Saved data entries
Lemma difference_quotient_eq (G G1 : graph V) bG bD N :
  const_beyond psi G bG N -> const_beyond psi (symdiff G G0) bD N ->
  (forall e, (psi e <= N)%nat -> (G1 e <-> G e)) ->
  (d_phi phi G0 G1 - d_phi phi G0 G) / (norm_psi2 psi G1 - norm_psi2 psi G) =
  signed (xorb bD bG)
    (set_sum phi (symdiff G1 G) / set_sum (psi_weight psi) (symdiff G1 G)).
Proof.
  intros HG HD Hagree.
  assert (Hbig : forall e, symdiff G1 G e -> (N < psi e)%nat).
  { intros e Se. destruct (Compare_dec.le_lt_dec (psi e) N) as [Hle|]; [|assumption].
    specialize (Hagree e Hle). unfold symdiff in Se. tauto. }
  unfold d_phi, norm_psi2; fold (psi_weight psi). rewrite <- signed_div.
  rewrite (set_sum_toggle phi (proj2 hphi) (symdiff G0 G) (symdiff G0 G1) (symdiff G1 G) bD).
  - rewrite (set_sum_toggle (psi_weight psi) (psi_weight_summable psi (proj1 hpsi))
      G G1 (symdiff G1 G) bG); [reflexivity| |].
    + intros e. unfold symdiff. destruct (classic (G e)), (classic (G1 e)); tauto.
    + intros e Se. exact (HG e (Hbig e Se)).
  - intros e. unfold symdiff. destruct (classic (G0 e)), (classic (G e)), (classic (G1 e)); tauto.
  - intros e Se. rewrite <- (HD e (Hbig e Se)). unfold symdiff. tauto.
Qed.

Lemma has_deriv_of_psi_limit c (G : graph V) bG bD :
  psi_limit psi phi c ->
  eventually_const psi G bG -> eventually_const psi (symdiff G G0) bD ->
  has_deriv psi (fun G => d_phi phi G0 G) G (signed (xorb bD bG) c).
Proof.
  intros Hc HG HD eps Heps.
  destruct (const_beyond_common psi _ _ bG bD HG HD) as [N [HGN HDN]].
  destruct (Hc (eps / 2)) as [Nc HNc]; [lra|].
  destruct (finite_psi_le psi hpsi (Nat.max Nc N)) as [l Hl].
  exists l. intros G1 _ Hne Hagree.
  assert (Hbig : forall e, symdiff G1 G e -> (Nat.max Nc N < psi e)%nat).
  { intros e Se. destruct (Compare_dec.le_lt_dec (psi e) (Nat.max Nc N)) as [Hle|]; [|assumption].
    specialize (Hagree e (Hl e Hle)). unfold symdiff in Se. tauto. }
  rewrite (difference_quotient_eq G G1 bG bD N HGN HDN).
  - rewrite Rabs_signed_sub_signed.
    assert (HS : exists a, symdiff G1 G a).
    { apply NNPP. intros Hno. apply Hne. intros e. unfold symdiff in Hno.
      destruct (classic (G1 e)), (classic (G e)); firstorder. }
    destruct HS as [a Sa].
    apply Rle_lt_trans with (eps / 2); [|lra].
    apply (set_sum_ratio_near _ _ (proj1 hphi) (psi_weight_pos psi) (proj2 hphi)
             (psi_weight_summable psi (proj1 hpsi)) _ a); [exact Sa|].
    intros e Se. unfold psi_weight.
    replace (phi e / / 2 ^ psi e) with (2 ^ psi e * phi e) by (field; apply pow_nonzero; lra).
    left. apply (HNc (psi e) e); [specialize (Hbig e Se); lia|reflexivity].
  - intros e He. apply Hagree, Hl. lia.
Qed.

Lemma test_graph_quotient (G : graph V) bG bD N e M :
  const_beyond psi G bG N -> const_beyond psi (symdiff G G0) bD N ->
  (N < psi e)%nat -> (psi e <= M)%nat ->
  let G1 := symdiff G (fun x => x = e \/ even_tail psi M x) in
  (d_phi phi G0 G1 - d_phi phi G0 G) / (norm_psi2 psi G1 - norm_psi2 psi G) =
  signed (xorb bD bG)
    ((phi e + set_sum phi (even_tail psi M)) /
     (psi_weight psi e + set_sum (psi_weight psi) (even_tail psi M))).
Proof.
  intros HG HD HNe HeM G1.
  set (S := fun x => x = e \/ even_tail psi M x).
  assert (HS : forall x, symdiff G1 G x <-> S x).
  { intros x. unfold G1, S, symdiff.
    destruct (classic (G x)), (classic (x = e \/ even_tail psi M x)); tauto. }
  assert (Hsum : forall w, (forall x, 0 < w x) -> bound (finite_subsum w (fun _ => True)) ->
            set_sum w (symdiff G1 G) = w e + set_sum w (even_tail psi M)).
  { intros w Hwpos Hw. rewrite (set_sum_ext w Hw _ S HS).
    apply (set_sum_add_point w Hwpos Hw). intros [HMe _]. lia. }
  rewrite (difference_quotient_eq G G1 bG bD N HG HD), (Hsum phi (proj1 hphi) (proj2 hphi)),
    (Hsum _ (psi_weight_pos psi) (psi_weight_summable psi (proj1 hpsi))); [reflexivity|].
  intros x Hx. unfold G1, symdiff, even_tail.
  assert (x <> e) by (intros ->; lia). intuition lia.
Qed.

__What to do__: Copy out, word for word, the part of the entries above that begins at the line with "destruct (classic (G1" and ends at the line with "destruct (classic (G x)), (classic", including both.

__Result of the exercise__:
      destruct (classic (G1 e)), (classic (G e)); firstorder. }
    destruct HS as [a Sa].
    apply Rle_lt_trans with (eps / 2); [|lra].
    apply (set_sum_ratio_near _ _ (proj1 hphi) (psi_weight_pos psi) (proj2 hphi)
             (psi_weight_summable psi (proj1 hpsi)) _ a); [exact Sa|].
    intros e Se. unfold psi_weight.
    replace (phi e / / 2 ^ psi e) with (2 ^ psi e * phi e) by (field; apply pow_nonzero; lra).
    left. apply (HNc (psi e) e); [specialize (Hbig e Se); lia|reflexivity].
  - intros e He. apply Hagree, Hl. lia.
Qed.

Lemma test_graph_quotient (G : graph V) bG bD N e M :
  const_beyond psi G bG N -> const_beyond psi (symdiff G G0) bD N ->
  (N < psi e)%nat -> (psi e <= M)%nat ->
  let G1 := symdiff G (fun x => x = e \/ even_tail psi M x) in
  (d_phi phi G0 G1 - d_phi phi G0 G) / (norm_psi2 psi G1 - norm_psi2 psi G) =
  signed (xorb bD bG)
    ((phi e + set_sum phi (even_tail psi M)) /
     (psi_weight psi e + set_sum (psi_weight psi) (even_tail psi M))).
Proof.
  intros HG HD HNe HeM G1.
  set (S := fun x => x = e \/ even_tail psi M x).
  assert (HS : forall x, symdiff G1 G x <-> S x).
  { intros x. unfold G1, S, symdiff.
    destruct (classic (G x)), (classic (x = e \/ even_tail psi M x)); tauto. }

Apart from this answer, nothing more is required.